Malmstrom Air Force Base turned a Norwegian military tradition into a local test of stamina, with Staff Sgt. Josh Wright estimating that 175 to 185 people signed up for the 2026 Norwegian Foot March. Participants took on an 18.6-mile ruck carrying at least 24 pounds of dry weight, a grind that put legs, shoulders and discipline to work long before the finish line.
Wright said it was the third time the march had been held at Malmstrom. He also said putting the event together required coordination across multiple squadrons and other base entities, underscoring that the challenge was as much about unit cooperation as it was about individual fitness. The route around the base was mostly flat, about 60 to 70 percent by his estimate, but the hills were steep enough to make the course punishing over the full distance.
That design is part of the point. The march is meant to test physical endurance and mental toughness, and airmen who entered knew that pace, posture and persistence would matter as much as strength. Wright said the best preparation was simple: get used to carrying the weight and prepare the feet, joints, shoulders and back for the strain.
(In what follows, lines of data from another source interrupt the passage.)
Definition dinv_perm : {perm dart G} := perm dinv_inj.

Lemma fcard_dinv S : fcard (@dinv G) (darts_in S) * 2 = #|darts_in S|.
Proof.
apply: fcard_order_set; first exact: dinv_inj; last first.
  by apply: fclosed_inj dinv_inj _ => d; rewrite darts_in_dinv.
apply/subsetP => d _; rewrite inE; apply/eqP.
have cyc : fcycle (@dinv G) [:: d; dinv d] by rewrite /= dinvK !eqxx.
have uniq_d : uniq [:: d; dinv d] by rewrite /= inE eq_sym dinv_neq.
by rewrite (order_cycle cyc uniq_d) ?mem_head.
Qed.

Lemma rotation_homo S s : rotation S s -> {homo s : d / d \in darts_in S}.
Proof. by case=> rot _ d /rot[]. Qed.

Lemma fcard_rotation S s :
  rotation S s -> fcard s (darts_in S) = #|@dv G @: darts_in S|.
Proof.
move=> rot; have sD := rotation_homo rot; have [rot_dv rot_cycle] := rot.
apply: n_comp_kernel; first exact: fconnect_sym (@perm_inj _ s).
  exact: fclosed_inj (@perm_inj _ s) sD.
move=> d d' dD d'D; apply/idP/eqP => [/fconnect_iterP[n <-]|]; last first.
  exact: rot_cycle.
by elim: n => //= n ->; case: (rot_dv _ (iter_homo n sD dD)) => _ ->.
Qed.

Lemma faces_parity S s : rotation S s ->
  odd (faces S s) = odd (#|darts_in S| %/ 2 + #|@dv G @: darts_in S|).
Proof.
move=> rot; set D := darts_in S.
have nDi : dinv_perm \in 'N(D | 'P)%g.
  by apply: homo_perm_astabs => d; rewrite permE darts_in_dinv.
have nDs : s \in 'N(D | 'P)%g by apply/homo_perm_astabs/rotation_homo.
have facesE : faces S s = fcard (dinv_perm * s)%g D.
  by apply: eq_fcard => d; rewrite permM permE.
have dinvE : fcard dinv_perm D = #|D| %/ 2.
  by rewrite -(fcard_dinv S) mulnK //; apply: eq_fcard => d; rewrite permE.
have := odd_permM (restr_perm D dinv_perm) (restr_perm D s).
rewrite -morphM //= !odd_restr_perm ?groupM // -facesE dinvE fcard_rotation // -/D.
set k := #|D| %/ 2; have -> : #|D| = k.*2 by rewrite -muln2 /k -(fcard_dinv S) mulnK.
by rewrite !oddD odd_double.
Qed.

Lemma cubic_third_dart (D : {set dart G}) v d1 d2 : cubic G ->
  d1 \in D -> d2 \in D -> dv d1 = v -> dv d2 = v -> d1 != d2 ->
  exists e, [/\ e \in D, dv e = v &
    forall d, d \in D -> dv d = v -> d \in [set d1; d2; e]].
Proof.
move=> cub d1D d2D d1v d2v n12.
set X := [set d in D | dv d == v] :\: [set d1; d2].
have cardX : #|X| <= 1.
  have : #|[set d in D | dv d == v]| <= 3.
    by rewrite -(cub v); apply/subset_leq_card/subsetP => d; rewrite !inE => /andP[].
  rewrite (cardsD1 d1) (cardsD1 d2) !inE d1D d2D d1v d2v eq_sym n12 !eqxx /=.
  by rewrite setDDl.
have dX d : d \in D -> dv d = v -> d \notin [set d1; d2] -> d \in X.
  by move=> dD dv_d dn; rewrite inE dn !inE dD dv_d eqxx.
suff [e [eD ev eX]] : exists e, [/\ e \in D, dv e = v & forall d, d \in X -> d = e].
  exists e; split => // d dD dv_d.
  have [|/(dX _ dD dv_d)/eX ->] := boolP (d \in [set d1; d2]).
    by rewrite !inE => /orP[]->; rewrite ?orbT.
  by rewrite !inE eqxx !orbT.
have [X0|[e eX]] := set_0Vmem X; first by exists d1; split => // d; rewrite X0 inE.
exists e; split; try by move: eX; rewrite !inE => /andP[_ /andP[? /eqP]].
by move=> d dX'; move: cardX => /card_le1_eqP /(_ d e dX' eX).
Qed.

Lemma faces_gt1_fixpoint S s b : rotation S s ->
  b \in darts_in S -> s (dinv b) = b -> 1 < faces S s.
Proof.
move=> rot bD sb; set f := fun d => s (dinv d).
have fD : {homo f : d / d \in darts_in S}.
  by move=> d dD; apply: (rotation_homo rot); rewrite darts_in_dinv.
have f_inj : injective f by move=> d d' /perm_inj /dinv_inj.
apply/(fcard_gt1P f_inj (fclosed_inj f_inj fD)).
exists b => //; exists (dinv b); first by rewrite darts_in_dinv.
apply/negP => /fconnect_iterP[n]; apply/eqP.
have : iter n f b \in [set b].
  by apply: iter_homo; rewrite ?inE // => d /set1P->; rewrite /f sb inE.
by rewrite inE => /eqP->; rewrite eq_sym dinv_neq.
Qed.

Lemma faces_loop_gt1 S s a : cubic G -> rotation S s ->
  a \in darts_in S -> dv (dinv a) = dv a -> 1 < faces S s.
Proof.
move=> cub rot aD loop_a; have [rot_dv rot_cycle] := rot.
have a'D : dinv a \in darts_in S by rewrite darts_in_dinv.
have naa' : a != dinv a by rewrite eq_sym dinv_neq.
have [e [eD ev atv]] := cubic_third_dart cub aD a'D erefl loop_a naa'.
have sX : {homo s : d / d \in [set a; dinv a; e]}.
  move=> d dX; have [dD dv_d] : d \in darts_in S /\ dv d = dv a.
    by case/setUP: dX => [/set2P[]|/set1P]->.
  by have [sdD sdv] := rot_dv d dD; apply: atv; rewrite ?sdv.
have [sa|sa'] := adjacent_in_cycle3 sX naa' (rot_cycle _ _ aD a'D (esym loop_a)).
- by apply: (faces_gt1_fixpoint rot a'D); rewrite dinvK.
- exact: faces_gt1_fixpoint rot aD sa'.
Qed.

Lemma adjE_sym (Ds : {set dart G}) :
  {homo @dinv G : d / d \in Ds} -> symmetric (adjE Ds).
Proof.
move=> Ds_dinv x y; apply/existsP/existsP => -[d /andP[dDs /andP[/eqP dx /eqP dy]]];
  by exists (dinv d); rewrite Ds_dinv // dinvK dx dy !eqxx.
Qed.

Lemma is_bridge_dinv d : is_bridge (dinv d) = is_bridge d.
Proof. by rewrite /is_bridge dinvK setDDl setUC -setDDl. Qed.

Lemma is_bridge_only_loops d :
  (forall d', d' != d -> d' != dinv d -> dv d' = dv d -> dv (dinv d') = dv d) ->
  dv (dinv d) != dv d -> is_bridge d.
Proof.
move=> only_loops nloop; set Ds := [set: dart G] :\ d :\ dinv d.
have symDs : connect_sym (adjE Ds).
  apply/sym_connect_sym/adjE_sym => d'; rewrite !inE (inj_eq dinv_inj).
  by rewrite (can2_eq (@dinvK G) (@dinvK G) d' d) => /and3P[-> ->].
apply: (n_comp_lt_subrel (e' := adjE Ds) (x := dv d) (y := dv (dinv d))).
- by apply/sym_connect_sym/adjE_sym => d'; rewrite !inE.
- exact: symDs.
- move=> u v /existsP[d' /andP[_ uv]]; apply/existsP; exists d'; by rewrite inE.
- by apply: connect1; apply/existsP; exists d; rewrite inE !eqxx.
apply/negP => cut.
have cl : closed (adjE Ds) (pred1 (dv d)).
  apply: (intro_closed symDs) => u v /existsP[d' /andP[d'Ds /andP[/eqP <- /eqP <-]]].
  move: d'Ds; rewrite !inE => /andP[nd' /andP[nd _]] /eqP d'x.
  by rewrite /= only_loops.
by move: (closed_connect cl cut); rewrite !inE eqxx (negPf nloop).
Qed.

Lemma is_bridge_loop_vertex b d : cubic G ->
  dv b = dv d -> dv (dinv b) = dv d -> dv (dinv d) != dv d -> is_bridge d.
Proof.
move=> cub bx b'x nloop; have nbb : b != dinv b by rewrite eq_sym dinv_neq.
have [e [_ _ atx]] := cubic_third_dart cub (in_setT b) (in_setT (dinv b)) bx b'x nbb.
have de : d = e.
  case/setUP: (atx d (in_setT d) erefl) => [/set2P[] db|/set1P //].
    by rewrite db b'x bx eqxx in nloop.
  by rewrite db dinvK bx b'x eqxx in nloop.
apply: is_bridge_only_loops nloop => d' nd' _ d'x.
case/setUP: (atx d' (in_setT d') d'x) => [/set2P[]->|/set1P d'e] //.
  by rewrite dinvK.
by rewrite d'e -de eqxx in nd'.
Qed.

Lemma imset_dv_darts_in S a :
  connectedS S -> a \in darts_in S -> @dv G @: darts_in S = S.
Proof.
move=> /andP[_ conS] aS; have aS' : dv a \in S by move: aS; rewrite inE => /andP[].
apply/setP => w; apply/imsetP/idP => [[d dS ->]|wS].
  by move: dS; rewrite inE => /andP[].
have [->|nwa] := eqVneq w (dv a); first by exists a.
move: conS => /forall_inP/(_ w wS)/forall_inP/(_ _ aS')/connectP[[|z p] pth E].
  by rewrite E eqxx in nwa.
by case/andP: pth => /existsP[d /andP[dS /andP[/eqP <- _]]] _; exists d.
Qed.

Lemma card_darts : cubic G -> #|dart G| = 3 * #|vtx G|.
Proof.
move=> cub; rewrite -sum1_card (partition_big (@dv G) predT) //=.
rewrite (eq_bigr (fun _ => 3)) => [|v _]; first by rewrite sum_nat_const cardT mulnC.
by rewrite -(cub v) sum1dep_card; apply: eq_card => d; rewrite !inE.
Qed.

Lemma unique_dart_between x y :
  #|[set d | (dv d == x) && (dv (dinv d) == y)]| = 1 ->
  exists d0, [/\ dv d0 = x, dv (dinv d0) = y &
    forall d, dv d = x -> dv (dinv d) = y -> d = d0].
Proof.
move=> /eqP/cards1P[d0 xyE]; exists d0; split.
- by move: (set11 d0); rewrite -xyE inE => /andP[/eqP->].
- by move: (set11 d0); rewrite -xyE inE => /andP[_ /eqP->].
by move=> d dx dy; apply/set1P; rewrite -xyE inE dx dy !eqxx.
Qed.

Lemma card_darts_in_setC2 x y : cubic G -> x != y ->
  #|[set d | (dv d == x) && (dv (dinv d) == y)]| = 1 ->
  (forall d, dv (dinv d) = dv d -> dv d \notin [set x; y]) ->
  #|darts_in (~: [set x; y])| + 10 = #|dart G|.
Proof.
move=> cub nxy /unique_dart_between[d0 [d0x d0y xy_d0]] loopless.
set A := [set d | dv d \in [set x; y]].
have cardA : #|A| = 6.
  have -> : A = [set d | dv d == x] :|: [set d | dv d == y].
    by apply/setP => d; rewrite !inE.
  rewrite cardsU !cub (_ : _ :&: _ = set0) ?cards0 //.
  by apply/setP => d; rewrite !inE; case: eqP => // ->; exact: negPf.
set B := @dinv G @^-1: A.
have cardB : #|B| = 6 by rewrite card_preimset //; exact: dinv_inj.
have AB : A :&: B = [set d0; dinv d0].
  apply/setP => d; rewrite !inE; apply/idP/idP; last first.
    by case/orP => /eqP->; rewrite ?dinvK d0x d0y !eqxx ?orbT.
  case/andP => /orP[]/eqP dv_d /orP[]/eqP dv_d'.
  - by move: (loopless d); rewrite dv_d dv_d' !inE eqxx ?orbT => /(_ erefl).
  - by rewrite (xy_d0 d) ?eqxx.
  - by rewrite -(xy_d0 (dinv d)) ?dinvK ?eqxx ?orbT.
  - by move: (loopless d); rewrite dv_d dv_d' !inE eqxx ?orbT => /(_ erefl).
have : #|A :|: B| = 10.
  by have := cardsUI A (B); rewrite AB cards2 eq_sym dinv_neq cardA cardB; lia.
have -> : darts_in (~: [set x; y]) = ~: (A :|: B).
  by apply/setP => d; rewrite !inE !negb_or.
by move=> <-; rewrite addnC cardsC.
Qed.

Lemma upper_embeddable_loop_even S a : cubic G -> upper_embeddable S ->
  a \in darts_in S -> dv (dinv a) = dv a -> ~~ odd (#|darts_in S| %/ 2 + #|S|).
Proof.
move=> cub [conS [s [rot faces_le2]]] aS loop_a.
have faces2 : faces S s = 2.
  by apply/eqP; rewrite eqn_leq faces_le2 (faces_loop_gt1 cub rot aS loop_a).
by rewrite -{2}(imset_dv_darts_in conS aS) -(faces_parity rot) faces2.
Qed.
For some participants, the goal was to finish inside the official time standard and earn the Norwegian Foot March badge. For others, simply reaching the end was the win.

The event carries official weight well beyond Malmstrom. The Norwegian Armed Forces say the foot march began in 1915 as a military endurance test for soldiers in the Norwegian Army. Today, the 30-kilometer route still requires an 11-kilogram rucksack, and time standards vary by age and gender. The march is sanctioned through the Norwegian Embassy and tied to formal guidance from the Royal Norwegian Embassy Office of the Defence Attaché, giving it a direct link to an allied military tradition that still has relevance inside the U.S. Air Force.
Malmstrom’s 2025 coverage described the march as a way for airmen to earn the official Norwegian Armed Forces skill badge while demonstrating physical endurance, mental resilience and allied military tradition. Wright-Patterson Air Force Base reported about 335 military members, veterans and dependents in its 2026 march, showing that the event has broadened across the force. In Great Falls and across Lewis and Clark County, the Malmstrom version offers a clear look at what the base asks of its people: readiness, resilience and a culture built around finishing the hard thing together.